Do your talk the best you can the first time. Present it at a user group. Take feedback from yourself, change the talk, present it again. Rinse, wash, repeat, until you fell it’s of acceptable quality.

Be it the nuggets of knowledge your provide, the jokes, the slides themselves, or the flow of the story, reading an audience when giving a talk is the most important feedback loop you have in getting your talk from horse meat to Irish beef.

Great speakers can pretend all they want, their good talks are due to having presented them countless times. That’s why they look like they’ve not prepared. The rest of us, we work on the slides until the last minute.

Ignore the audience, a little

The last bit is purely about stage presence. I can’t advise much on this, because I’ve not formalised it in my head yet. I’ll attempt a description of what I do.

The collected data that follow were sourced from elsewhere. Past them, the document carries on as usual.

(* Suppose $\kappa$ is Mahlo and $\kappa\le\lambda$. Then for every function $f:P_\kappa\lambda\to P_\kappa\lambda$, the set $C_f$ is a $1$-club subset of $P_\kappa\lambda$.
   Context: $P_\kappa\lambda=\{x\subseteq\lambda:|x|<\kappa\}$, $\kappa_x=|x\cap\kappa|$. $C_f=\{x\in P_\kappa\lambda: x\cap\kappa\neq\emptyset,\ f[P_{\kappa_x}x]\subseteq P_{\kappa_x}x\}$. A set is strongly stationary if it meets every $C_f$; $\mathrm{NSS}_{\kappa,\lambda}$ is the ideal of non-strongly-stationary sets; for $x\in P_\kappa\lambda$, $\mathrm{NSS}_{\kappa_x,x}$ is the analogous ideal on $P_{\kappa_x}x$ (with $\kappa_x$ in place of $\kappa$, $x$ in place of $\lambda$). $C\subseteq P_\kappa\lambda$ is $1$-club iff $C\in\mathrm{NSS}^+_{\kappa,\lambda}$ and for every $x\in P_\kappa\lambda$ with $\kappa_x$ inaccessible and $C\cap P_{\kappa_x}x\in\mathrm{NSS}^+_{\kappa_x,x}$ we have $x\in C$. *)

From Stdlib Require Import Classical.

Set Implicit Arguments.

(* A strict well-order: its elements play the role of ordinals, each element
   a being identified with the set of its predecessors  seg a. *)
Record WO := {
  wcar :> Type;
  wlt : wcar -> wcar -> Prop;
  wlt_wf : well_founded wlt;
  wlt_trans : forall a b c, wlt a b -> wlt b c -> wlt a c;
  wlt_total : forall a b, wlt a b \/ a = b \/ wlt b a
}.

Section Defs.
Variable O : WO.
Notation "a < b" := (wlt O a b).
Definition wle (a b : O) : Prop := a < b \/ a = b.
Notation "a <= b" := (wle a b).

Definition set (T : Type) := T -> Prop.

Definition seg (a : O) : set O := fun b => b < a.

Definition cle {T U : Type} (A : set T) (B : set U) : Prop :=
  exists f : sig A -> sig B, forall u v, f u = f v -> u = v.
Definition clt {T U : Type} (A : set T) (B : set U) : Prop :=
  cle A B /\ ~ cle B A.
Definition ceq {T U : Type} (A : set T) (B : set U) : Prop :=
  cle A B /\ cle B A.

Definition inter (A B : set O) : set O := fun z => A z /\ B z.

Definition is_card_of (alpha : O) (A : set O) : Prop :=
  ceq (seg alpha) A /\ forall beta, ceq (seg beta) A -> ~ beta < alpha.

Definition Pk (mu : O) (X : set O) (y : set O) : Prop :=
  (forall z, y z -> X z) /\ clt y (seg mu).

(* C_f relative to P_mu X:
   { y in P_mu X : y cap mu <> empty, f[P_{mu_y} y] subset P_{mu_y} y },
   where mu_y = |y cap mu|. *)
Definition Cf (mu : O) (X : set O) (f : set O -> set O) (y : set O) : Prop :=
  Pk mu X y /\ (exists z, y z /\ z < mu) /\
  exists a, is_card_of a (inter y (seg mu)) /\
            forall w, Pk a y w -> Pk a y (f w).

Definition strongly_stationary (mu : O) (X : set O) (A : set (set O)) : Prop :=
  forall f : set O -> set O,
    (forall y, Pk mu X y -> Pk mu X (f y)) ->
    exists y, A y /\ Cf mu X f y.

Definition nat_set : set nat := fun _ => True.
Definition is_cardinal (a : O) : Prop := forall b, b < a -> ~ cle (seg a) (seg b).
Definition infinite_ord (a : O) : Prop := cle nat_set (seg a).
Definition uncountable (a : O) : Prop := ~ cle (seg a) nat_set.
Definition unbounded_in (A : set O) (a : O) : Prop :=
  forall b, b < a -> exists c, A c /\ c < a /\ b <= c.
Definition regular (a : O) : Prop :=
  infinite_ord a /\ is_cardinal a /\
  forall A : set O, (forall z, A z -> z < a) -> unbounded_in A a ->
    ~ clt A (seg a).
Definition powerset_of (b : O) : set (set O) := fun Y => forall z, Y z -> z < b.
Definition strong_limit (a : O) : Prop :=
  forall b, b < a -> clt (powerset_of b) (seg a).
Definition inaccessible (a : O) : Prop :=
  uncountable a /\ regular a /\ strong_limit a.

Definition club_in (C : set O) (k : O) : Prop :=
  (forall z, C z -> z < k) /\ unbounded_in C k /\
  forall g, g < k -> (exists d, C d /\ d < g) ->
    (forall b, b < g -> exists d, C d /\ b < d /\ d < g) -> C g.
Definition stationary_in (S : set O) (k : O) : Prop :=
  forall C, club_in C k -> exists a, S a /\ C a.

Definition Mahlo (k : O) : Prop :=
  inaccessible k /\ stationary_in (fun a => a < k /\ regular a) k.

Definition one_club (mu : O) (X : set O) (C : set (set O)) : Prop :=
  (forall y, C y -> Pk mu X y) /\
  strongly_stationary mu X C /\
  forall x, Pk mu X x ->
    forall a, is_card_of a (inter x (seg mu)) -> inaccessible a ->
      strongly_stationary a x (fun y => C y /\ Pk a x y) -> C x.

End Defs.

Arguments wle {O}. Arguments seg {O}. Arguments inter {O}. Arguments is_card_of {O}. Arguments Pk {O}. Arguments Cf {O}.
Arguments strongly_stationary {O}. Arguments is_cardinal {O}. Arguments infinite_ord {O}.
Arguments uncountable {O}. Arguments unbounded_in {O}. Arguments regular {O}. Arguments powerset_of {O}.
Arguments strong_limit {O}. Arguments inaccessible {O}. Arguments club_in {O}. Arguments stationary_in {O}.
Arguments Mahlo {O}. Arguments one_club {O}.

I look at the audience as a whole, in a dazed fashion, until I find, in the first few minutes, the couple of faces that look friendly and reactive. I tend to hang on them for the rest of the talk. I call them anchors.

Every time you make a point, you ought to give that point to the audience. You want to show them that you care about them, and remind them that it’s all bout them.

To do that, I use my hands to focus the discussion, and I give my eye sight to an attendee. It’ll probably be one of the anchors I found. It’s good to talk to people that enjoy the talk, it fills me with confidence in my delivery, and it fills the whole audience with the warm feeling that everyone is getting my attention.

Looking back

It’s already a lot to take in, but those are the basic things I learnt over the years. They’re not for everyone, they’re just what works for me. Take one of each at a time, and try to find your own way to apply them. Don’t be a stranger, be yourself, learn and grow.